- **Information provided**

Lemma t1_pair_edges_later (s : subedge L d) (e : edge L) :
  is_t1 nl pl s -> e \in pair_edges (sub_pair nl pl s) -> e != s.1 ->
  edge_rank s.1 < edge_rank e.
Proof.
case: s e => [[k b] m] [k' b']; rewrite inE /is_t1 /sub_pair /edge_n /edge_p /edge_rank /=.
rewrite xpair_eqE => t1 /andP[/eqP nl_eq j_in]; rewrite -val_eqE => neq.
rewrite ltnNge; apply/negP => le.
case: b j_in t1 neq le => j_in /forallP t1 neq le.
- case: b' j_in neq le => j_in neq le; last first.
    by have := t1 k'; rewrite j_in /= implybF; move: le => /=; lia.
  have lt : k' < k by move: neq le; rewrite eqxx andbT /=; lia.
  have ordS_k' : val (ordS k') = k'.+1 by rewrite /= modn_small //; have := ltn_ord k; lia.
  by have := t1 (ordS k'); rewrite ordS_k' lt j_in.
- have lt : k' < k by case: b' j_in neq le => _; rewrite ?andbF ?andbT /=; lia.
  by have := t1 k'; rewrite lt nl_eq eqxx.
Qed.

Lemma t1_prev_occ (s : subedge L d) : is_t1 nl pl s -> prev_occ nl pl s = set0.
Proof.
move=> t1; apply/setP => s'; rewrite !inE; apply/negP => /andP[lt /eqP pair_eq].
have [eq_e | neq_e] := eqVneq s'.1 s.1.
  by move: lt; rewrite (sub_pair_inj_edge eq_e pair_eq) ltnn.
have := t1_pair_edges_later t1 _ neq_e; rewrite -pair_eq mem_pair_edges => /(_ isT) lt_e.
by move: lt; rewrite sub_rank_ltE ltnNge (ltnW lt_e) /= (gtn_eqF lt_e).
Qed.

- **Problem details**
Copy out exactly the line holding "Lemma t1_prev_occ (s" and each line after it through the end of the entries, and leave out everything else.

- **Output for this exercise**
Lemma t1_prev_occ (s : subedge L d) : is_t1 nl pl s -> prev_occ nl pl s = set0.
Proof.
move=> t1; apply/setP => s'; rewrite !inE; apply/negP => /andP[lt /eqP pair_eq].
have [eq_e | neq_e] := eqVneq s'.1 s.1.
  by move: lt; rewrite (sub_pair_inj_edge eq_e pair_eq) ltnn.
have := t1_pair_edges_later t1 _ neq_e; rewrite -pair_eq mem_pair_edges => /(_ isT) lt_e.
by move: lt; rewrite sub_rank_ltE ltnNge (ltnW lt_e) /= (gtn_eqF lt_e).
Qed.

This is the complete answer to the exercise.